* Task description *
Consider the listing below. Extract exactly the lines from the line containing "Definition orient_by (F" to the line containing "- rewrite /arc_sym", both included.

**** Exercise data ****

Lemma block_map_pairs_enc_inv p valid g q m (blk : 'I_m -> 'I_m -> seq bool) s :
  block_map p valid g s = pairs_enc m blk ->
  0 < q -> (forall w, size w = p.+1 -> size (g w) = q) ->
  (forall i j : 'I_m, i < j -> size (blk i j) = q) ->
  exists2 c : 'I_m -> 'I_m -> seq bool,
    s = pairs_enc m c & forall i j : 'I_m, i < j -> good_block p valid (c i j).
Proof.
move=> E q0 Sg Sblk.
have NE : block_map p valid g s <> [::] by rewrite E; apply: pairs_enc_nil.
have [n [bs [Es A Eb]]] := block_map_inv NE; subst s.
move: E; rewrite Eb pairs_encE => /unary_prefix_inj [En Ef]; subst n.
have Sbs : size bs = size (vertex_pairs m).
  have Abs : all (fun w => size w == q) (map g bs).
    by rewrite all_map; apply: sub_all A => w /andP [/eqP /Sg Sw _]; rewrite /= Sw.
  have Ablk : all (fun w => size w == q) (pair_blocks blk).
    by apply: all_pair_blocks => i j /Sblk ->.
  move: (size_flatten_const Abs) (size_flatten_const Ablk); rewrite Ef !size_map => -> /eqP.
  by rewrite eqn_pmul2l // => /eqP.
exists (fun i j => nth [::] bs (index (i, j) (vertex_pairs m))).
  by rewrite pairs_encE -pair_blocks_onto.
move=> i j ij; apply: (allP A); apply: mem_nth.
by rewrite Sbs index_mem mem_vertex_pairs.
Qed.

(** * Orientations *)

Lemma funext2 (A B C : Type) (f g : A -> B -> C) : f =2 g -> f = g.
Proof. by move=> E; do 2 (apply: functional_extensionality => ?); rewrite E. Qed.

Definition orient (X : ugraph) : ograph.
Proof.
refine (OGraph (uv X) (fun i j => (i < j) && uadj i j) _ _).
- by move=> x; rewrite ltnn.
- by move=> x y /andP [H _]; rewrite ltnNge ltnW.
Defined.

Definition underlying (Y : ograph) : ugraph.
Proof.
refine (UGraph (ov Y) (fun i j => oarc i j || oarc j i) _ _).
- by move=> x y; rewrite orbC.
- by move=> x; rewrite oarc_irr.
Defined.

Lemma underlying_orient_adj X (x y : 'I_(uv X)) : @uadj (underlying (orient X)) x y = uadj x y.
Proof.
rewrite /= [uadj y x]uadj_sym; case: (ltngtP x y) => [||/val_inj ->]; rewrite ?orbF //.
by rewrite uadj_irr.
Qed.

Section ArcSym.
Variables (Y : ograph) (T : Type) (c : 'I_(ov Y) -> 'I_(ov Y) -> T).

(* The value of [c] on the arc joining [u] and [v]; on non-adjacent pairs the
   choice only serves to make the function symmetric. *)
Definition arc_sym u v : T :=
  if oarc u v then c u v else if oarc v u then c v u else if u <= v then c u v else c v u.

Lemma arc_symC u v : arc_sym u v = arc_sym v u.
Proof.
rewrite /arc_sym; case Auv: (oarc u v); first by rewrite (oarc_asym _ _ _ Auv).
case: (oarc v u) => //.
by case: (ltngtP u v) => [||/val_inj ->].
Qed.

Lemma arc_sym_arc u v : oarc u v -> arc_sym u v = c u v.
Proof. by rewrite /arc_sym => ->. Qed.

Lemma arc_sym_arcV u v : oarc v u -> arc_sym u v = c v u.
Proof. by move=> A; rewrite arc_symC arc_sym_arc. Qed.

Lemma arc_sym_id : (forall u v, c u v = c v u) -> arc_sym = c.
Proof.
move=> cC; apply: funext2 => u v.
by rewrite /arc_sym (cC v u); case: ifP => //; case: ifP => //; case: ifP.
Qed.

End ArcSym.

Section Families.
Variable r : nat.

Definition underlying_col (F : ocgraph r) : ucgraph r :=
  UCGraph r (underlying (ocg F)) (arc_sym (ocol F)) (@arc_symC _ _ (ocol F)).

Definition oriented_family (Fam : ucgraph r -> Prop) (F : ocgraph r) : Prop :=
  Fam (underlying_col F).

Definition orient_by (F : ucgraph r) (P : rel 'I_(uv (ucg F))) : ocgraph r.
Proof.
refine (OCGraph r (OGraph (uv (ucg F)) (fun u v => [&& uadj u v, P u v & ~~ P v u]) _ _) (ucol F)).
- by move=> x; rewrite andbN !andbF.
- by move=> x y /and3P [_ H1 H2]; rewrite H1 !andbF.
Defined.
Arguments orient_by : clear implicits.

Lemma ucgraph_ext n (a1 a2 : 'I_n -> 'I_n -> bool) s1 i1 s2 i2 (c1 c2 : 'I_n -> 'I_n -> 'I_r) p1 p2 :
  a1 =2 a2 -> c1 =2 c2 -> UCGraph r (UGraph n a1 s1 i1) c1 p1 = UCGraph r (UGraph n a2 s2 i2) c2 p2.
Proof.
move=> /funext2 Ea /funext2 Ec; subst a2 c2.
by rewrite (proof_irrelevance _ s1 s2) (proof_irrelevance _ i1 i2) (proof_irrelevance _ p1 p2).
Qed.

Lemma underlying_col_orient_by F P : (forall u v, uadj u v -> P u v != P v u) ->
  underlying_col (orient_by F P) = F.
Proof.
case: F P => [[n adj sym irr] col csym] /= P HP.
apply: ucgraph_ext => x y /=.
- rewrite [adj y x]sym; case A: (adj x y) => //=; have := HP _ _ A.
  by case: (P x y); case: (P y x).
- rewrite /arc_sym /= [adj y x]sym [col y x]csym.
  by case: (adj x y); case: (P x y); case: (P y x) => //=; case: (x <= y).
Qed.

End Families.
Arguments orient_by {r} F P.

Section Orientation.
Variables (r : nat) (Fam : ucgraph r -> Prop).
Local Notation OFam := (oriented_family Fam).

(* A homomorphism from an undirected [F] into the underlying graph of [Y] orients
   [F] by pulling back the arcs of [Y]. *)
Lemma ofree_underlying (Y : ograph) gam :
  ofree r OFam Y gam <-> ufree r Fam (underlying Y) (arc_sym gam).
Proof.
split=> nfree [F [h [HF Hh]]]; apply: nfree.
- exists (orient_by F (fun u v => oarc (h u) (h v))), h; split.
  + rewrite /oriented_family underlying_col_orient_by // => u v /Hh [/orP [] A _];
      by rewrite A (oarc_asym _ _ _ A).
  + move=> u v /and3P [A B _]; have [_ G] := Hh u v A.
    by split=> //=; rewrite -G arc_sym_arc.
- exists (underlying_col F), h; split => // u v /orP [] A; have [E G] := Hh _ _ A.
  + by rewrite /= E arc_sym_arc // arc_sym_arc.
  + by rewrite /= E orbT !arc_sym_arcV.
Qed.

Lemma ufree_underlying_orient X gam : ufree r Fam (underlying (orient X)) gam <-> ufree r Fam X gam.
Proof.
by split=> nfree [F [h [HF Hh]]]; apply: nfree; exists F, h; split => // u v /Hh;
  rewrite underlying_orient_adj.
Qed.

Lemma ucolorable_orient X : ucolorable r Fam X <-> ocolorable r OFam (orient X).
Proof.
split=> [[gam [gamC nfree]]|[gam nfree]].
- by exists gam; rewrite ofree_underlying arc_sym_id // ufree_underlying_orient.
- exists (arc_sym gam); split; first exact: (arc_symC gam).
  by rewrite -ufree_underlying_orient -ofree_underlying.
Qed.

Lemma ocolorable_underlying Y : ocolorable r OFam Y <-> ucolorable r Fam (underlying Y).
Proof.
split=> [[gam nfree]|[gam [gamC nfree]]].
- exists (arc_sym gam); split; first exact: (arc_symC gam).
  by rewrite -ofree_underlying.
- by exists gam; rewrite ofree_underlying arc_sym_id.
Qed.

****

* Finished exercise *
Definition orient_by (F : ucgraph r) (P : rel 'I_(uv (ucg F))) : ocgraph r.
Proof.
refine (OCGraph r (OGraph (uv (ucg F)) (fun u v => [&& uadj u v, P u v & ~~ P v u]) _ _) (ucol F)).
- by move=> x; rewrite andbN !andbF.
- by move=> x y /and3P [_ H1 H2]; rewrite H1 !andbF.
Defined.
Arguments orient_by : clear implicits.

Lemma ucgraph_ext n (a1 a2 : 'I_n -> 'I_n -> bool) s1 i1 s2 i2 (c1 c2 : 'I_n -> 'I_n -> 'I_r) p1 p2 :
  a1 =2 a2 -> c1 =2 c2 -> UCGraph r (UGraph n a1 s1 i1) c1 p1 = UCGraph r (UGraph n a2 s2 i2) c2 p2.
Proof.
move=> /funext2 Ea /funext2 Ec; subst a2 c2.
by rewrite (proof_irrelevance _ s1 s2) (proof_irrelevance _ i1 i2) (proof_irrelevance _ p1 p2).
Qed.

Lemma underlying_col_orient_by F P : (forall u v, uadj u v -> P u v != P v u) ->
  underlying_col (orient_by F P) = F.
Proof.
case: F P => [[n adj sym irr] col csym] /= P HP.
apply: ucgraph_ext => x y /=.
- rewrite [adj y x]sym; case A: (adj x y) => //=; have := HP _ _ A.
  by case: (P x y); case: (P y x).
- rewrite /arc_sym /= [adj y x]sym [col y x]csym.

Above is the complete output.